Implantable medical devices have revolutionized medicine. Each year, millions of medical devices are implanted into patients leading to significant improvements in quality of life. For example, joint arthroplasty enables patients with severe osteoarthritis to return to an active lifestyle with minimal pain [1]. Cochlear implants provide patients with irreversible sensorineural hearing loss the ability to recognize speech and participate normally in social interactions [2]. However, all implantable devices suffer from complications. One problem that is ubiquitous to essentially all implantable devices, regardless of the synthetic or biologic nature of the device, is the foreign body response (FBR), the body’s normal response to a foreign material. While many medical devices that are currently implanted into humans function despite a FBR, this response has been linked to reported asceptic implant failures [35]. These failures have the potential to be devastating and create a significant burden on the healthcare system [6,7]. Moreover, advancements of new and more complex devices are hampered by the presence of a FBR. For example, the formation of a fibrous capsule can disrupt communication between host and device, which is important for the function of devices such as glucose sensors [8], islet transplantation [9], and tissue engineering scaffolds [10]. The FBR represents a formidable challenge to current and future implantable medical devices.
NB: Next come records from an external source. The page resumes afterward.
(* Let $n\ge2$, $\ell\ge1$, and $\lambda,\mu\in P_n$ with $\lambda-\mu\equiv\sum_{i=1}^n\ell_i\epsilon_i$ modulo $\mathbb C\epsilon$ for nonnegative integers $\ell_1,\dots,\ell_n$ with $\sum_i\ell_i=\ell$. Let $u_{\lambda,\mu}\in F_\lambda(M(\mu))$ be the image of $v_\mu\otimes u_1^{\otimes\ell_1}\otimes\cdots\otimes u_n^{\otimes\ell_n}$, and let $\bar y_i$ be the operator on $F_\lambda(M(\mu))$ induced by $y_i$. Then for each $i=1,\dots,\ell$, $$\bar y_iu_{\lambda,\mu}=\zeta_i\,u_{\lambda,\mu},$$ where, for $\sum_{k<m}\ell_k<i\le\sum_{k\le m}\ell_k$, $\zeta_i=\mu'_m+i-\sum_{k<m}\ell_k-1$ with $\mu'_m=\langle\mu+\rho,\epsilon^\vee_m\rangle$.
   Context: $\mathfrak{sl}_n=\mathfrak n_+\oplus\mathfrak h_n\oplus\mathfrak n_-$ standard; $\epsilon_i$ the $i$-th diagonal coordinate, $\epsilon=\sum_i\epsilon_i$; $\mathfrak h_n^*$ is identified with $\{\sum\lambda_i\epsilon_i:\sum\lambda_i=0\}\subset\mathfrak t_n^*=\bigoplus\mathbb C\epsilon_i$, with $\epsilon_i^\vee$ the dual basis of $\mathfrak t_n$; $\rho=\sum_i\frac{n-2i+1}{2}\epsilon_i$; $P_n$ is the integral weight lattice. $M(\mu)$ is the Verma module with highest weight vector $v_\mu$; $V_n=\mathbb C^n$ with standard basis $u_1,\dots,u_n$ ($u_i$ of weight the restriction of $\epsilon_i$ to $\mathfrak h_n$). $F_\lambda(X)=H_0(\mathfrak n_-,X\otimes V_n^{\otimes\ell})_\lambda=(X\otimes V_n^{\otimes\ell}/\mathfrak n_-(X\otimes V_n^{\otimes\ell}))_\lambda$. With $(x|y)=\mathrm{tr}(xy)$, $\Omega=\sum_a x_a\otimes x^a$ for dual bases, $\Omega_{ij}$ acting in tensor factors $i,j$ of $X\otimes V_n^{\otimes\ell}$ (factor $0$ is $X$), the operators $y_i=\Omega_{0i}+\sum_{1\le j<i}(\Omega_{ji}+\frac1n)+\frac{n-1}2$ commute with $\mathfrak{sl}_n$ and thus induce operators $\bar y_i$ on $F_\lambda(X)$. *)

From HB Require Import structures.
From mathcomp Require Import all_boot all_order all_algebra.
From mathcomp Require Import complex Rstruct.
Set Implicit Arguments. Unset Strict Implicit. Unset Printing Implicit Defensive.
Import Order.TTheory GRing.Theory Num.Theory.
Local Open Scope ring_scope.

Definition C : fieldType := (Rdefinitions.R)[i].

Definition E (n : nat) (a b : 'I_n) : 'M[C]_n := delta_mx a b.

(* An sl_n-module structure on X: a map rho : gl_n -> End(X), linear in both
   arguments, whose restriction to sl_n = traceless matrices is a Lie algebra
   morphism.  (Only values on traceless matrices are ever used; any
   representation of sl_n extends linearly to such a rho.) *)
Definition sl_module (n : nat) (X : lmodType C) (rho : 'M[C]_n -> X -> X) : Prop :=
  [/\ (forall A (a : C) (x y : X), rho A (a *: x + y) = a *: rho A x + rho A y),
      (forall A B (a : C) (x : X), rho (a *: A + B) x = a *: rho A x + rho B x) &
      (forall A B (x : X), \tr A = 0 -> \tr B = 0 ->
          rho (A *m B - B *m A) x = rho A (rho B x) - rho B (rho A x))].

(* Weights: elements of h_n^* identified with {sum_i lam_i eps_i : sum lam_i = 0}. *)
Definition hweight (n : nat) (lam : 'I_n -> C) : Prop := \sum_i lam i = 0.

Definition is_int (x : C) : Prop := exists z : int, x = z%:~R.

(* P_n: integral weights, <lam, alpha_i^vee> = lam_i - lam_{i+1} in Z. *)
Definition integral_weight (n : nat) (lam : 'I_n -> C) : Prop :=
  hweight lam /\ forall i j : 'I_n, j = i.+1 :> nat -> is_int (lam i - lam j).

Definition hw_vector (n : nat) (X : lmodType C) (rho : 'M[C]_n -> X -> X)
    (mu : 'I_n -> C) (v : X) : Prop :=
  (forall a b : 'I_n, (a < b)%N -> rho (E a b) v = 0) /\
  (forall d : 'rV[C]_n, \sum_i d 0 i = 0 ->
      rho (diag_mx d) v = (\sum_i mu i * d 0 i) *: v).

(* (X, rho, v) is the Verma module M(mu) with highest weight vector v_mu,
   characterised by its universal property among sl_n-modules. *)
Definition is_verma (n : nat) (X : lmodType C) (rho : 'M[C]_n -> X -> X)
    (mu : 'I_n -> C) (v : X) : Prop :=
  sl_module rho /\ hw_vector rho mu v /\
  forall (Y : lmodType C) (rhoY : 'M[C]_n -> Y -> Y) (y : Y),
    sl_module rhoY -> hw_vector rhoY mu y ->
    exists phi : X -> Y,
      [/\ (forall (a : C) (x x' : X), phi (a *: x + x') = a *: phi x + phi x'),
          (forall A (x : X), \tr A = 0 -> phi (rho A x) = rhoY A (phi x)),
          phi v = y &
          (forall psi : X -> Y,
             (forall (a : C) (x x' : X), psi (a *: x + x') = a *: psi x + psi x') ->
             (forall A (x : X), \tr A = 0 -> psi (rho A x) = rhoY A (psi x)) ->
             psi v = y -> forall x, psi x = phi x)].

(* X (x) V_n^{(x) l}: since V_n^{(x) l} has basis u_{s_1} (x) ... (x) u_{s_l}
   indexed by s : 'I_l -> 'I_n, the tensor product is the space of functions
   s |-> (coefficient in X);  F = sum_s F(s) (x) u_{s_1} (x) ... (x) u_{s_l}.
   Tensor factor 0 is X, factor p (1 <= p <= l) is the p-th copy of V_n,
   i.e. index p.-1 of s. *)
Definition tens (n l : nat) (X : lmodType C) := {ffun {ffun 'I_l -> 'I_n} -> X}.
The FBR is characterized by chronic inflammation accompanied by the formation of a dense, avascular fibrous capsule [11,12]. The FBR begins with non-specific protein adsorption to the surface of the implant followed by the recruitment of inflammatory cells. The latter occurs as part of the initial injury response where neutrophils arrive first, but are soon replaced by long-lived macrophages, the orchestrators of the FBR. Macrophages recognize the implant as foreign through the adsorbed protein layer. Due to the implant size (i.e., much larger than foreign microorganisms), macrophages are unable to phagocytose the material and eventually fuse into foreign body giant cells (FBGCs). Concurrently, the FBR transitions to fibrous encapsulation, the hallmark of the FBR. Macrophages remain at the implant surface for the lifetime of the implant encased within the fibrous capsule and maintain low grade chronic inflammation. These events can have a detrimental impact on implanted medical devices. For example, long-term exposure to chronic inflammation induces corrosion or degradation of otherwise highly stable biomaterials [3,13]. Continuous exposure to inflammatory cytokines can negatively impact living cells within biomaterials that are implanted for islet transplantation or tissue engineering [14]. The fibrous capsule, which typically forms within three to four weeks after implantation, acts as an impenetrable wall to prevent communication between device and host tissue. Depending on the device, chronic inflammation and/or fibrous encapsulation can adversely affect the function of implantable medical devices.

Understanding how the FBR impacts the biomaterial and ultimately the function of the medical device is a critical step towards acheiving long-term in vivo success. In vitro and in vivo models that recapitulate aspects of the FBR offer powerful tools to study the FBR and its effect on the performance of a biomaterial. In vitro models reduce the complexity of the FBR. On the other hand, in vivo models capture the full temporal process of the FBR, which is still not completely understood. In vivo models are necessary to evaluate the formation of the fibrous capsule, the final stage of the FBR. Together, in vitro and in vivo models enable screening of new biomatierals to determine how they affect and are affected by the FBR. Moreover, these models can provide mechanistic insights into the processes that lead to the FBR, which will enable new and improved biomaterials to be developed. This short review summarizes the main in vitro and in vivo models that have been developed to assess the host response to implanted biomaterials and presents select key findings. Table 1 highlights these models along with their advantages and drawbacks.

Table 1.

Summary of models used for assessing the host response to biomaterials.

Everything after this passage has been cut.